── The input ──

Fixpoint rfill (l : list rterm) (m : rterm) : rterm :=
  match l with
  | [] => m
  | n :: l' => rfill l' (RES m n)
  end.

(** One-step resource reduction; [None] is the zero [∅]. *)
Inductive rstep : rterm -> option rterm -> Prop :=
| rs_der1 l m : rstep (RDer (rfill l (RBag [m]))) (Some (rfill l m))
| rs_der0 l ms : length ms <> 1 -> rstep (RDer (rfill l (RBag ms))) None
| rs_beta l m n :
    rstep (RApp (rfill l (RLam m)) n) (Some (rfill l (RES m (rlift (length l) 0 n))))
| rs_subst l m ns m' :
    lsub 0 (rlift (length l) 1 m) ns m' ->
    rstep (RES m (rfill l (RBag ns))) (Some (rfill l m'))
| rs_subst0 l m ns :
    occ 0 m <> length ns -> rstep (RES m (rfill l (RBag ns))) None
| rs_lam m r : rstep m r -> rstep (RLam m) (option_map RLam r)
| rs_app_l m n r : rstep m r -> rstep (RApp m n) (option_map (fun m' => RApp m' n) r)
| rs_app_r m n r : rstep n r -> rstep (RApp m n) (option_map (fun n' => RApp m n') r)
| rs_es_l m n r : rstep m r -> rstep (RES m n) (option_map (fun m' => RES m' n) r)
| rs_es_r m n r : rstep n r -> rstep (RES m n) (option_map (fun n' => RES m n') r)
| rs_der_c m r : rstep m r -> rstep (RDer m) (option_map RDer r)
| rs_bag l1 m l2 r : rstep m r ->
    rstep (RBag (l1 ++ m :: l2)) (option_map (fun m' => RBag (l1 ++ m' :: l2)) r).

Definition rsteps : rterm -> rterm -> Prop :=
  clos_refl_trans rterm (fun m m' => rstep m (Some m')).

Definition rnormal (m : rterm) : Prop := forall r, ~ rstep m r.

Inductive req : rterm -> rterm -> Prop :=
| rq_var i : req (RVar i) (RVar i)
| rq_lam m m' : req m m' -> req (RLam m) (RLam m')
| rq_app m n m' n' : req m m' -> req n n' -> req (RApp m n) (RApp m' n')
| rq_es m n m' n' : req m m' -> req n n' -> req (RES m n) (RES m' n')
| rq_der m m' : req m m' -> req (RDer m) (RDer m')
| rq_bag ms1 ms2 ms3 : Permutation ms1 ms2 -> Forall2 req ms2 ms3 ->
    req (RBag ms1) (RBag ms3).

Inductive rapprox : rterm -> term -> Prop :=
| ra_var i : rapprox (RVar i) (Var i)
| ra_lam m M : rapprox m M -> rapprox (RLam m) (Lam M)
| ra_app m n M N : rapprox m M -> rapprox n N -> rapprox (RApp m n) (App M N)
| ra_es m n M N : rapprox m M -> rapprox n N -> rapprox (RES m n) (ES M N)
| ra_der m M : rapprox m M -> rapprox (RDer m) (Der M)
| ra_bag ms M : (forall m, In m ms -> rapprox m M) -> rapprox (RBag ms) (Bang M).

Definition taylor (M : term) (m : rterm) : Prop := rapprox m M.

Definition nf_taylor (M : term) (p : rterm) : Prop :=
  rnormal p /\ exists m, taylor M m /\ rsteps m p.

Definition taylor_BT (M : term) (m : rterm) : Prop :=
  exists A, BT M A /\ taylor A m.

Definition rset_eq (S1 S2 : rterm -> Prop) : Prop :=
  forall p, (exists q, req p q /\ S1 q) <-> (exists q, req p q /\ S2 q).

(* The Taylor expansion of an approximant consists of normal resource terms,
   since a resource redex can only approximate one of the shapes excluded from
   approximants; and Taylor expansion simulates dBang reduction backwards: if
   M ->* N, every element of T(N) is a resource reduct of an element of T(M).
   Hence T(BT(M)) is contained in nf(T(M)).

   Conversely, resource reduction is simulated forwards once the approximation
   relation is relaxed to allow dBang reduction before each constructor is
   matched.  A normal resource term p related in this way to M approximates
   some reduct N of M: confluence joins the reducts required by the elements of
   a bag, and normal terms persist in the expansion along reduction.  Since p
   is normal, it still approximates the direct approximant of N, obtained by
   replacing its forbidden subterms with Bot, and that approximant is in BT(M). *)

From Stdlib Require Import List Arith Lia Permutation Relations FunctionalExtensionality.
Import ListNotations.

(** * Renaming and simultaneous substitution *)

Definition upren (xi : nat -> nat) (i : nat) : nat :=
  match i with 0 => 0 | S j => S (xi j) end.

Fixpoint ren (xi : nat -> nat) (t : term) : term :=
  match t with
  | Var i => Var (xi i)
  | Lam t => Lam (ren (upren xi) t)
  | App t u => App (ren xi t) (ren xi u)
  | ES t u => ES (ren (upren xi) t) (ren xi u)
  | Bang t => Bang (ren xi t)
  | Der t => Der (ren xi t)
  | Bot => Bot
  end.

Definition up (s : nat -> term) (i : nat) : term :=
  match i with 0 => Var 0 | S j => ren S (s j) end.

Fixpoint inst (s : nat -> term) (t : term) : term :=
  match t with
  | Var i => s i
  | Lam t => Lam (inst (up s) t)
  | App t u => App (inst s t) (inst s u)
  | ES t u => ES (inst (up s) t) (inst s u)
  | Bang t => Bang (inst s t)
  | Der t => Der (inst s t)
  | Bot => Bot
  end.

Ltac term_congr t :=
  induction t; intros; simpl;
  repeat match goal with IH : forall _, _ |- _ => rewrite IH; clear IH end;
  try reflexivity; f_equal; f_equal; apply functional_extensionality; intros [|]; simpl;
  try reflexivity.

Lemma ren_ren t xi zeta : ren xi (ren zeta t) = ren (fun i => xi (zeta i)) t.
Proof. revert xi zeta; term_congr t. Qed.

Lemma inst_ren t s xi : inst s (ren xi t) = inst (fun i => s (xi i)) t.
Proof. revert s xi; term_congr t. Qed.

Lemma ren_inst t s xi : ren xi (inst s t) = inst (fun i => ren xi (s i)) t.
Proof. revert s xi; term_congr t; rewrite !ren_ren; reflexivity. Qed.

Lemma inst_inst t s r : inst s (inst r t) = inst (fun i => inst s (r i)) t.
Proof. revert s r; term_congr t; rewrite inst_ren, ren_inst; reflexivity. Qed.

Lemma ren_as_inst t xi : ren xi t = inst (fun i => Var (xi i)) t.
Proof. revert xi; term_congr t. Qed.

Lemma ren_id t xi : (forall i, xi i = i) -> ren xi t = t.
Proof.
  revert xi; induction t; intros xi Hxi; simpl; f_equal; auto;
    apply IHt || apply IHt1; intros [|i]; simpl; congruence.
Qed.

───

Above are the records; print exactly the lines from the line with "rs_subst0 l m" to the line with "RApp m' n) r)", including both, and nothing else.

| rs_subst0 l m ns :
    occ 0 m <> length ns -> rstep (RES m (rfill l (RBag ns))) None
| rs_lam m r : rstep m r -> rstep (RLam m) (option_map RLam r)
| rs_app_l m n r : rstep m r -> rstep (RApp m n) (option_map (fun m' => RApp m' n) r)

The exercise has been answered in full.